Arrived in Paso Robles in good time.
P.S. Thank you to Firestone Walker Brewing Company for offering free wireless in their tasting room so I could update this blog.
Monday, June 11, 2007
Tues June 12 - Drive to Gilroy (visit Farmhouse/Coast Range) then to Paso Robles.
Wed June 13 - Brew at Firestone-Walker Brewing Co.
Thur June 14 - Drive to San Marcos, CA
Fri June 15 - Brew at Port Brewing Co.
Sat June 16 - Brew at Stone Brewing Co.
Sun June 17 - Drive to Tempe, AZ.
Mon June 18 - Brew at Four Peaks Brewing Co.
Tues June 19 - Drive toPrescott and Sedona, AZ. Visit Prescott & Oak Creek Brewing Co.s
Wed June 20 - Drive to Durango, CO.
Thur June 21 - Brew at SKA Brewing Co.
Fri June 22 - Drive to Colorado Springs and visit family.
Sat June 23 - Drive to Denver, CO.
Sun June 24 - Visit family in Denver. Husband Jon Graber joins me.
Mon June 25 - Visit breweries in Boulder (Avery), Longmont (Left Hand), and Lyons (Oskar Blues). Stay with friends in Estes Park.
Tues June 26 - Visit Odell and Coopersmith Breweries in Fort Collins.
Wed June 27 - Brew at New Belgium Brewing Co.
Thur June 28 - Drive to Crazy Horse, Mt Rushmore, and Rapid City, SD. Visit Firehouse Brewing.
Fri June 29 - Drive to Sioux Falls, SD. Visit Granite City Brewery.
Sat June 30 - Drive to Minneapolis/St. Paul. Visit Herkimer and Summit breweries. Then drive to Chippewa Falls, WI.
Sun July 1 - Drive to Munising, MI.
July 2-6 - Visit family in Munising.
Sat July 7 - Drive to West Bend, WI.
Sun July 8 - Husband Jon flies home to Eugene.
July 8-14 - Visit family in West Bend.
Sun July 15 - From this point on I can relax with my trip as I am past the time deadlines. I will probably visit Madison-area, then Chicago-area, then Michigan. Details to come...
June 11: Spent a wonderful evening with Jon's cousin, Brendan's family in San Jose. Kyle (almost 5) and Jason (almost 3) are my new adopted nephews. They adopted me too. Mom Stephanie grilled steaks for dinner and I took a night off from beer. I didn't know that two kids could jump off the top of a 3-foot plastic playhouse into a 10-inch blow-up pool using so many variations and styles of jumps, twists, and splashes.

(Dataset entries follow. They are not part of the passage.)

Lemma f_star_scaled_map psi mu nu beta delta pt n q : (1 <= n)%nat ->
  (forall z, psi (z + 1) = psi z + 1) -> (forall z, psi (- z) = - psi z) ->
  f_star psi mu nu beta delta pt n q = scaled_map psi mu nu beta delta (accel_sign pt) n q.
Proof.
  intros Hn psi_deg1 psi_odd.
  destruct pt; rewrite ?f_star_Pminus, ?f_star_Qminus by exact psi_odd.
  - now apply f_star_Pplus.
  - now apply f_star_Pplus.
  - now apply f_star_Qplus.
  - now apply f_star_Qplus.
Qed.

Lemma ball0_coord_bounded r i : bounded_on (ball0 r) (coord i).
Proof.
  exists (Rabs r). intros [[x y] z] Hp. unfold ball0 in Hp. cbn in Hp.
  apply Rsqr_le_abs_0. rewrite !Rsqr_pow2.
  pose proof (pow2_ge_0 x); pose proof (pow2_ge_0 y); pose proof (pow2_ge_0 z).
  destruct i; cbn; lra.
Qed.

(** * Conjugacy to the Michelson map *)

Ltac positivity :=
  repeat match goal with
         | |- 0 < _ * _ => apply Rmult_lt_0_compat
         | |- 0 < _ / _ => apply Rdiv_lt_0_compat
         | |- 0 < _ ^ _ => apply pow_lt
         end; lra.

Definition diag3 (a b c : R) (i j : idx3) : R :=
  match i, j with I1, I1 => a | I2, I2 => b | I3, I3 => c | _, _ => 0 end.

Lemma lin3_diag3 a b c p : lin3 (diag3 a b c) p = (a * coord I1 p, b * coord I2 p, c * coord I3 p).
Proof. unfold lin3, diag3. f_equal; [f_equal|]; ring. Qed.

(** The diagonal entries are forced by the constant term of the [w]-update and by the [v]- and
    [u]-updates; the two hypotheses then match the [xi^2]- and [eta]-terms of the [w]-update. *)
Lemma quad_limit_lin_conj mu nu beta delta s phi a :
  0 < mu -> 0 < nu -> 0 < delta -> 0 < phi ->
  phi ^ 6 = 32 * PI ^ 6 * mu ^ 2 * nu ^ 2 * delta ->
  a * phi ^ 2 = 4 * PI ^ 2 * nu * s * beta ->
  lin_conj (quad_limit mu nu beta delta s) (michelson phi a).
Proof.
  intros Hmu Hnu Hdelta Hphi Hphi6 Ha.
  pose proof PI_RGT_0 as HPI.
  set (c := phi / delta).
  set (b := phi ^ 2 / (2 * PI * nu * delta)).
  set (alpha := phi ^ 3 / (4 * PI ^ 2 * mu * nu * delta)).
  assert (Hc : 0 < c) by (unfold c; positivity).
  assert (Hb : 0 < b) by (unfold b; positivity).
  assert (Halpha : 0 < alpha) by (unfold alpha; positivity).
  assert (Hsq : phi * alpha ^ 2 = 2 * PI ^ 2 * c).
  { unfold alpha, c.
    replace (phi * (phi ^ 3 / (4 * PI ^ 2 * mu * nu * delta)) ^ 2)
      with (phi * phi ^ 6 / (16 * PI ^ 4 * mu ^ 2 * nu ^ 2 * delta ^ 2)) by (field; lra).
    rewrite Hphi6. field. lra. }
  exists (diag3 alpha b c). split.
  - replace (det3 (diag3 alpha b c)) with (alpha * b * c) by (unfold det3, diag3; ring).
    apply Rgt_not_eq. unfold Rgt. positivity.
  - intros [[xi eta] zeta]. rewrite !lin3_diag3. cbn [coord michelson quad_limit].
    assert (Hw : c * zeta + phi * (1 - (alpha * xi) ^ 2 - a * (b * eta))
                 = c * (zeta + delta - 2 * PI ^ 2 * xi ^ 2 - 2 * PI * s * beta * eta)).
    { replace (c * zeta + phi * (1 - (alpha * xi) ^ 2 - a * (b * eta)))
        with (c * zeta + phi - (phi * alpha ^ 2) * xi ^ 2
              - (a * phi ^ 2) * phi / (2 * PI * nu * delta) * eta)
        by (unfold b; field; lra).
      rewrite Hsq, Ha. unfold c. field. lra. }
    rewrite Hw. f_equal; f_equal; unfold alpha, b, c; field; lra.
Qed.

June 11: Spent most of the day in the subterranean offices of Tom Dalldorf's Celebrator Beer Newspaper. Tom worked on editing some neat beer festival videos for the Celebrator website, and I worked on this blog.
Mike Pitsker joined us in Tom's cave for a beer tasting. Mike brought the mixed 6-pack of cans of Maui Brewing Company beers. We tasted the Bikini Blonde Lager (hazy with fruity ale-like esters but lager flavor), Big Swell IPA (coppery with a murky haze and big resinous hop aroma and flavors), and CoCoNut Porter (more chocolate on the nose with forward raw coconut in the flavor). Then we escaped to the surface for fresh air and sunshine.
After a lovely lunch outside at the new, improved and expanded Buffalo Bills Brewpub, we walked across the street to Vic Kralj's famous "The Bistro." Vic was on duty so we had a few tastes of his marvelous draft selection including Green Flash West Coast IPA, Green Flash Double IPA, and Russian River Blind Pig IPA. We joked that the average IBU of the beers Vic had on tap must be 60 IBU or more. (Photo above L to R: Vic, Teri, Mike and Tom.)
Luckily we only had tastes, as next it was back into traffic for me, heading to San Jose.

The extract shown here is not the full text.